▸ Exercise goal: The lines below starting at the line containing "c.2 - x.2)) c." and ending at the line containing "Proof. by rewrite xpair_eqE eqxx andbT. Qed." are to be repeated exactly, with both ends kept and nothing else added.

START Data listing

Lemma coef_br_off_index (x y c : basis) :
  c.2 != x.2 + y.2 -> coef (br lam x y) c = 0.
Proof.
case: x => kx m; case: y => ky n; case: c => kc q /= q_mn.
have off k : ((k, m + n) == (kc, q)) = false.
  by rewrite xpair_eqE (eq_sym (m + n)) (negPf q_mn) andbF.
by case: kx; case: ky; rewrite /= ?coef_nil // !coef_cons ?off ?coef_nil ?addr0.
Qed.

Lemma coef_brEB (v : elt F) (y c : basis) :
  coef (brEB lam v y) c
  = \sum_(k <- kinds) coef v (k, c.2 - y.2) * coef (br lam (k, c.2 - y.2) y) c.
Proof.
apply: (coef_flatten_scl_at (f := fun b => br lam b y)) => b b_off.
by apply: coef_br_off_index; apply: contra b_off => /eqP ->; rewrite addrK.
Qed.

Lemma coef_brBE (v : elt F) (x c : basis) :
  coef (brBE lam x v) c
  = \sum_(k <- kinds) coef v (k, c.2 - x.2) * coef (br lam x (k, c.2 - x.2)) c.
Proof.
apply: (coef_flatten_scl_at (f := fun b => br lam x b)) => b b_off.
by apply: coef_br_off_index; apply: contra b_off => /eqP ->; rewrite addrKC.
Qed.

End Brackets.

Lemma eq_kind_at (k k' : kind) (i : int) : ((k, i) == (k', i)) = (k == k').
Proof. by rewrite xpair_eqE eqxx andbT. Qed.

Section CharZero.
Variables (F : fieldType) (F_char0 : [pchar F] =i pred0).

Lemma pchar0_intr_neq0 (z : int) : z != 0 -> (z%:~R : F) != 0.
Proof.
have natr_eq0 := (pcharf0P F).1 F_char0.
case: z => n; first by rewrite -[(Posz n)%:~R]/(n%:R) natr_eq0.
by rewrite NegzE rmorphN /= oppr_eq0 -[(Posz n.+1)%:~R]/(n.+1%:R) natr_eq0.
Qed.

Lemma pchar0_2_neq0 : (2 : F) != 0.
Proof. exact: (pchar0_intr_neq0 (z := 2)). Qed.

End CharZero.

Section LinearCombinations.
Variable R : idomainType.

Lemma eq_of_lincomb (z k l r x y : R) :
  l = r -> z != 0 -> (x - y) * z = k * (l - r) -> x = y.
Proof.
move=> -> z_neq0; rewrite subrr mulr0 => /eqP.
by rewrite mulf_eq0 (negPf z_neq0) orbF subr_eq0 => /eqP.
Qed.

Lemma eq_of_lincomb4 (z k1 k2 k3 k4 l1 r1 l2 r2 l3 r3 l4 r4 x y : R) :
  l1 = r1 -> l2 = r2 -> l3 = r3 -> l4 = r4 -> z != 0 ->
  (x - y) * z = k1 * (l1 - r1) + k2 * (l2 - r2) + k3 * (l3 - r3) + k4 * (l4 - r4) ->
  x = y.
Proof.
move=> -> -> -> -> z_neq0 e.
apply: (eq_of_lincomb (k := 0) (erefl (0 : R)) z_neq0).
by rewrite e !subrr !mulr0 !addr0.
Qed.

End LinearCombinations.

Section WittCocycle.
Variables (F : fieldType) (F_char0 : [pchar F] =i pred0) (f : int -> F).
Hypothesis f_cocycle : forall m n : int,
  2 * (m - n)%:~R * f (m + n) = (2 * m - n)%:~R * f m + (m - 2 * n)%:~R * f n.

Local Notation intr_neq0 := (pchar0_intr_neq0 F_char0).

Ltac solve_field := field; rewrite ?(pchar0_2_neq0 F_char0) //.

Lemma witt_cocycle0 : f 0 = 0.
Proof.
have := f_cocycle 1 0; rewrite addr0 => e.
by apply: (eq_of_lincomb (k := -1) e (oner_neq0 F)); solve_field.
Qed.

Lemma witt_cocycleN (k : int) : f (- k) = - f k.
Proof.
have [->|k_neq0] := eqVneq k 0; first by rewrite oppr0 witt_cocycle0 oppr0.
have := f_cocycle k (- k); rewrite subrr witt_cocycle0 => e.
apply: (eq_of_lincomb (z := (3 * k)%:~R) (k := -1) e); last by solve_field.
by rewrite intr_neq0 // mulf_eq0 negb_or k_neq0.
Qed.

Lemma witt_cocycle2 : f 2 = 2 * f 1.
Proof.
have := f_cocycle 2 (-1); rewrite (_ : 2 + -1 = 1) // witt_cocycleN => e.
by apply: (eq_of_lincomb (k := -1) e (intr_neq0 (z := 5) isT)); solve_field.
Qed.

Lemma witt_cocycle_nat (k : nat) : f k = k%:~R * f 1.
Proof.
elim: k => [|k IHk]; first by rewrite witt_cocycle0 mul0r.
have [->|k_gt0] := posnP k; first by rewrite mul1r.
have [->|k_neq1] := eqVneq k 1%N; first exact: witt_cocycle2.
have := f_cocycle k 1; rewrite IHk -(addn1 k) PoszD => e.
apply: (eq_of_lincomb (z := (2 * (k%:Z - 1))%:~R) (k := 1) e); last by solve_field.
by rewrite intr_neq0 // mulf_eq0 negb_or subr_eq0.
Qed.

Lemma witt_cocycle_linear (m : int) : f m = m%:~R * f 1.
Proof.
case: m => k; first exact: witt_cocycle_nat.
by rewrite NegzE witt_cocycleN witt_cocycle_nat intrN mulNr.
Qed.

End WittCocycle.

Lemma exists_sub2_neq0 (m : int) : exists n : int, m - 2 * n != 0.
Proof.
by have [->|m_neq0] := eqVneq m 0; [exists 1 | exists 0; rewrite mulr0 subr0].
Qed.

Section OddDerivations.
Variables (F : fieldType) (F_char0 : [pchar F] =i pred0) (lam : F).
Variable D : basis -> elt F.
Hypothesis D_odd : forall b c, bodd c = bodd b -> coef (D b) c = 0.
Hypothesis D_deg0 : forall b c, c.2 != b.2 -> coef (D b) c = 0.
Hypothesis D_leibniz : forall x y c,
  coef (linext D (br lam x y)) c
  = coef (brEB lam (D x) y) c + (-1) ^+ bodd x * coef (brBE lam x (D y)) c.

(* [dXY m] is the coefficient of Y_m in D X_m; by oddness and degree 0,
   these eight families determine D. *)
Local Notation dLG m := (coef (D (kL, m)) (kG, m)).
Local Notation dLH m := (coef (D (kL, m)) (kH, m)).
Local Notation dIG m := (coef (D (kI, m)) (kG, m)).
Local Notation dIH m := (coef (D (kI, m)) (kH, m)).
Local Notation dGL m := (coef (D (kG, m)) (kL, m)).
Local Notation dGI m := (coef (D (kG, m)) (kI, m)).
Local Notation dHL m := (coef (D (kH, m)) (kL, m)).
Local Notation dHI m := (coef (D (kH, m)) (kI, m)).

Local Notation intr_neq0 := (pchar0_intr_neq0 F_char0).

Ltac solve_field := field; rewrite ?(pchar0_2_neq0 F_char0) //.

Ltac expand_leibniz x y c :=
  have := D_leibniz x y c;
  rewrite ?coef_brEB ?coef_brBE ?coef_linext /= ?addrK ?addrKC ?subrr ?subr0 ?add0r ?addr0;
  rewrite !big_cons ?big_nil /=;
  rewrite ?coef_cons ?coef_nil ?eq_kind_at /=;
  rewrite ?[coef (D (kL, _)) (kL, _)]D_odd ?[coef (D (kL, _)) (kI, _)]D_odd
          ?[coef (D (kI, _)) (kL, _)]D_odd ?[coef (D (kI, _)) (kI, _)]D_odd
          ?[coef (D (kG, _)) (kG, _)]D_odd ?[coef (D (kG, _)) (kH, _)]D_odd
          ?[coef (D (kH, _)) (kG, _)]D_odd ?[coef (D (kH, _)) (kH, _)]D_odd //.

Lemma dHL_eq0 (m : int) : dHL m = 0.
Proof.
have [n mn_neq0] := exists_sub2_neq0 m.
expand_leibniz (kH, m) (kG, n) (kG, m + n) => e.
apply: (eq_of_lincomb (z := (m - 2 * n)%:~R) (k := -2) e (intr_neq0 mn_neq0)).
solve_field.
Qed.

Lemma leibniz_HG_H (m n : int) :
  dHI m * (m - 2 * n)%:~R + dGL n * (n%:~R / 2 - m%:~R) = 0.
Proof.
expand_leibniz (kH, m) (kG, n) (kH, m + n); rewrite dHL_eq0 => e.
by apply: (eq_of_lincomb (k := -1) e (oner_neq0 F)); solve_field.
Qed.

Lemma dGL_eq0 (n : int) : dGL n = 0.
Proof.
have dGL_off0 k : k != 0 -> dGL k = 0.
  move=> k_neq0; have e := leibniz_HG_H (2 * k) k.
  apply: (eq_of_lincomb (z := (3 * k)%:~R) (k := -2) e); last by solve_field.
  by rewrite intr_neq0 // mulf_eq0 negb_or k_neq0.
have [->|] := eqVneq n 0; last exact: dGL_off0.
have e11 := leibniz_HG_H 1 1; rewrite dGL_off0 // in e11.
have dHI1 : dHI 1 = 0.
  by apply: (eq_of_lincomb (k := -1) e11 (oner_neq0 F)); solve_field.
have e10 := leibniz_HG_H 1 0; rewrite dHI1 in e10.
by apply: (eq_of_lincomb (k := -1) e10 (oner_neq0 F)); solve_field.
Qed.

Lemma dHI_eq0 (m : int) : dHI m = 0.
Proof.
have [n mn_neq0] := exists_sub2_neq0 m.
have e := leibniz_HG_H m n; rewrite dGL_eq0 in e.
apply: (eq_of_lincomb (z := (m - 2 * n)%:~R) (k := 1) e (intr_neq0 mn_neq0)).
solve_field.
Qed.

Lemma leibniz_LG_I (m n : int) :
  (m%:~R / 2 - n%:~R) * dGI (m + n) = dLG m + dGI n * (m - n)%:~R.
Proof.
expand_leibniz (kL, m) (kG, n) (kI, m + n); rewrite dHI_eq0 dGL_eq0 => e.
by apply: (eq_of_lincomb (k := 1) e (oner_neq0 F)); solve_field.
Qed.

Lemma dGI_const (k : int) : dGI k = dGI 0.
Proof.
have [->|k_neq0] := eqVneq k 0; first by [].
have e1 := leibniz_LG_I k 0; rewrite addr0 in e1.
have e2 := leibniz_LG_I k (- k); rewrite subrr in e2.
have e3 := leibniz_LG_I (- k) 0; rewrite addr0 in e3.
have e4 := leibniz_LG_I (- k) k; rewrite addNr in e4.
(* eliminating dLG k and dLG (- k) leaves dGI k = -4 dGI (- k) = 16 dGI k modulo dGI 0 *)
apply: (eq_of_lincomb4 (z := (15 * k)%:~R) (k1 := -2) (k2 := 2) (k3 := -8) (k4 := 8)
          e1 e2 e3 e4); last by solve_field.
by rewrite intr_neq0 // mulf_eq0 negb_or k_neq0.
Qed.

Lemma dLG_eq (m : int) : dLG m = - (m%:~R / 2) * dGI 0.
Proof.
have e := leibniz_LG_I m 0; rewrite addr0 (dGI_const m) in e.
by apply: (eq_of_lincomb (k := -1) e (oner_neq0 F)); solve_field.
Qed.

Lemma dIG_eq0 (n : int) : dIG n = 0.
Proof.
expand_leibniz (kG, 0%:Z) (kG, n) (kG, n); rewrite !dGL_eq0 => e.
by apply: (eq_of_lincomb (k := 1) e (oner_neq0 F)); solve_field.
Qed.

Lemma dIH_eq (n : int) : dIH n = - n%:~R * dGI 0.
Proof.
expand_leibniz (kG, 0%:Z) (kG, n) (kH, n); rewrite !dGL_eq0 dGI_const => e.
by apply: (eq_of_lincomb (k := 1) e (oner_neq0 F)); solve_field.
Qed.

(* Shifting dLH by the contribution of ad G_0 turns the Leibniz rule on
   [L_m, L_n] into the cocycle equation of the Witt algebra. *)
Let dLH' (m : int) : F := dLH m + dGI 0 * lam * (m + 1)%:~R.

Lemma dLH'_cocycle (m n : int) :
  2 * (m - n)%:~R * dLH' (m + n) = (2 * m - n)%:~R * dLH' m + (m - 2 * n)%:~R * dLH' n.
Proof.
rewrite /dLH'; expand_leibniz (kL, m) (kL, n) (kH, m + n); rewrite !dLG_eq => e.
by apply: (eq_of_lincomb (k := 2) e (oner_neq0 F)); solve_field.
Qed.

END Data listing
START Data listing

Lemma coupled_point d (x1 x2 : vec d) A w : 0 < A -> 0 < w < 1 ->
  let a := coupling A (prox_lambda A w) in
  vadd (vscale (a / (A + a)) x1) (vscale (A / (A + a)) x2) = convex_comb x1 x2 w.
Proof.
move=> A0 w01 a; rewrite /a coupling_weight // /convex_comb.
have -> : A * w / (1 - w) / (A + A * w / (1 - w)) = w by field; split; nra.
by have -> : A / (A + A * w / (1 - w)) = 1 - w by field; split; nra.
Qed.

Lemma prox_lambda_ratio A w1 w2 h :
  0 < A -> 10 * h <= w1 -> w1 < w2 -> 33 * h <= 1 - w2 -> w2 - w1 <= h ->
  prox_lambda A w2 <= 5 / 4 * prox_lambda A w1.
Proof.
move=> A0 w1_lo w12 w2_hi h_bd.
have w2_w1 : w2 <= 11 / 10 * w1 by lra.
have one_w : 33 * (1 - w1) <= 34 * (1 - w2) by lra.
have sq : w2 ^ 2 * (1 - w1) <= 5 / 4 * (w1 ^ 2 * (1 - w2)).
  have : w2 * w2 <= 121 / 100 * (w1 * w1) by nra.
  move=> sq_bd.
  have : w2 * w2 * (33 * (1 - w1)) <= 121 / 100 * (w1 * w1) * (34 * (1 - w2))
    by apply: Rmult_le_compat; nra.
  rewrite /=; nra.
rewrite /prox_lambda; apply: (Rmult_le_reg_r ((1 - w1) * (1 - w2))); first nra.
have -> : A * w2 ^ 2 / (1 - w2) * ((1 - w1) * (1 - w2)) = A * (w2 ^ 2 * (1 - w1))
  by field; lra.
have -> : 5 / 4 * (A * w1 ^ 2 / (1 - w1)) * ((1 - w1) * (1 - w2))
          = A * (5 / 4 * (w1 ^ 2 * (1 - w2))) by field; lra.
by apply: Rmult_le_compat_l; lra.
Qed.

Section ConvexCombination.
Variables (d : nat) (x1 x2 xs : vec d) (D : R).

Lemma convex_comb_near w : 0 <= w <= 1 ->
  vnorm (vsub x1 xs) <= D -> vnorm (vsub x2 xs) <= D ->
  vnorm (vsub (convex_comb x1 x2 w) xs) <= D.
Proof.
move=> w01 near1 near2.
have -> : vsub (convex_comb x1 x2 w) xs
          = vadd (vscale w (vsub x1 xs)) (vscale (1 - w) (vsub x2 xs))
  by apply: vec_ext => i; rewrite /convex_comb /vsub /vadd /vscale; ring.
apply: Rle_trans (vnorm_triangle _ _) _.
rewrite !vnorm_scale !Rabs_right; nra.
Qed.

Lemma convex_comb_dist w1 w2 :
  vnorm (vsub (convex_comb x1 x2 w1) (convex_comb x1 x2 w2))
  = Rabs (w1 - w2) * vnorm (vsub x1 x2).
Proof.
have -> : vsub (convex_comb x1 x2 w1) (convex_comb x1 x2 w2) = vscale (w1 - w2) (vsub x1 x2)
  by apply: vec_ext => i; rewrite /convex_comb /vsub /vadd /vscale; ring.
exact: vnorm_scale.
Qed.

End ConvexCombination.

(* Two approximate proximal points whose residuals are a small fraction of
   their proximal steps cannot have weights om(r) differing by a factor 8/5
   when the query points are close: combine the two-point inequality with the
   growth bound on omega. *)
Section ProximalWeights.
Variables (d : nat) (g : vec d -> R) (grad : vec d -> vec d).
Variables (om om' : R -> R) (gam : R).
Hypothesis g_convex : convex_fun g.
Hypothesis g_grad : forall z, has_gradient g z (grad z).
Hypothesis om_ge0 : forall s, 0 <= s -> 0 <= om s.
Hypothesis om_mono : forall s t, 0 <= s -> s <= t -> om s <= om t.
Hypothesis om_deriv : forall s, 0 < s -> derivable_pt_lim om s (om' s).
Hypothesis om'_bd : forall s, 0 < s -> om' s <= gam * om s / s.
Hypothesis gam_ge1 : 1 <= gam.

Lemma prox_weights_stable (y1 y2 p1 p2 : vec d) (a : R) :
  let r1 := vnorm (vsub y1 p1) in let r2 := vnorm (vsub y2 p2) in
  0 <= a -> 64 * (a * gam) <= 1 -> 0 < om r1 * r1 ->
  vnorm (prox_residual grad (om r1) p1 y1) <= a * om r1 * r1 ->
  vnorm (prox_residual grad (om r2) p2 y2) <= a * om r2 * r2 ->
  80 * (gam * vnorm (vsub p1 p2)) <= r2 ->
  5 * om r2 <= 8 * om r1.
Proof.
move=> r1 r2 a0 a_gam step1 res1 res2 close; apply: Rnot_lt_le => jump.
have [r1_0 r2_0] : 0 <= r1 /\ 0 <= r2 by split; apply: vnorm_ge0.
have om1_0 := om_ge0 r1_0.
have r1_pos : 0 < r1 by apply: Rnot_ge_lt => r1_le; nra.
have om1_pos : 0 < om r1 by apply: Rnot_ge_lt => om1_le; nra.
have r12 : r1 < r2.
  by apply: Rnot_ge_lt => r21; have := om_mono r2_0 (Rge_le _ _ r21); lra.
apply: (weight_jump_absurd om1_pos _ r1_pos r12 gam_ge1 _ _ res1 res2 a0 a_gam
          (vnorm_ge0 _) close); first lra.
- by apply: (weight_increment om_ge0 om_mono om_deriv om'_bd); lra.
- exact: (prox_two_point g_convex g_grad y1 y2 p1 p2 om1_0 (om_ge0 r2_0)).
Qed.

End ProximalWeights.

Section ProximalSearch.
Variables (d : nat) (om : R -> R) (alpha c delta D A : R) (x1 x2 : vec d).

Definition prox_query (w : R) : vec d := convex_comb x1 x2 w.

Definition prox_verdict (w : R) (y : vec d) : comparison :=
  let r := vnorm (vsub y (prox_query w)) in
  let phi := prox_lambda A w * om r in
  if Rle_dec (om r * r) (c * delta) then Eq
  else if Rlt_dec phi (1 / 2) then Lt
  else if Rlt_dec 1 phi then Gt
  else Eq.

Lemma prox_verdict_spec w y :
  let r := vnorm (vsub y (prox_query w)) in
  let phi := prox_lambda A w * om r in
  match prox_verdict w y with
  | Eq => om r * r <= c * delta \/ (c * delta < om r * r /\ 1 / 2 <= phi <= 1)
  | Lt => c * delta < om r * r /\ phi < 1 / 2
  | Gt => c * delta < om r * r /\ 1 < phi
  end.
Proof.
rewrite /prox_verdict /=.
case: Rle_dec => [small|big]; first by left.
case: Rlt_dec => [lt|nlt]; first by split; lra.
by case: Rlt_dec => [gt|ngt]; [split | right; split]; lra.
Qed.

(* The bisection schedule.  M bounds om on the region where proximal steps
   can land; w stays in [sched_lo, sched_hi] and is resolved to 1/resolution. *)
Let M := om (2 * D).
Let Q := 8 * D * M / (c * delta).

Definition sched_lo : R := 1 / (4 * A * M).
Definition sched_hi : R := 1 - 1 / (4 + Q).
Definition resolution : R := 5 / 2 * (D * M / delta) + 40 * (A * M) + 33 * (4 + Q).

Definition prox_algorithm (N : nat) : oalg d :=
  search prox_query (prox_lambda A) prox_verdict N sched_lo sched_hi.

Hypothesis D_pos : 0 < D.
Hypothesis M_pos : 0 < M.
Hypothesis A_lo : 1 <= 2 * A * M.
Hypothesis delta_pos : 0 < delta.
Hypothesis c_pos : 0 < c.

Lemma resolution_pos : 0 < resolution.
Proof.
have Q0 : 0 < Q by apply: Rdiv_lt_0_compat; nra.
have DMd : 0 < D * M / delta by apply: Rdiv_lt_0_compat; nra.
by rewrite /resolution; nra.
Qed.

END Data listing

▸ Answer area:
  = \sum_(k <- kinds) coef v (k, c.2 - x.2) * coef (br lam x (k, c.2 - x.2)) c.
Proof.
apply: (coef_flatten_scl_at (f := fun b => br lam x b)) => b b_off.
by apply: coef_br_off_index; apply: contra b_off => /eqP ->; rewrite addrKC.
Qed.

End Brackets.

Lemma eq_kind_at (k k' : kind) (i : int) : ((k, i) == (k', i)) = (k == k').
Proof. by rewrite xpair_eqE eqxx andbT. Qed.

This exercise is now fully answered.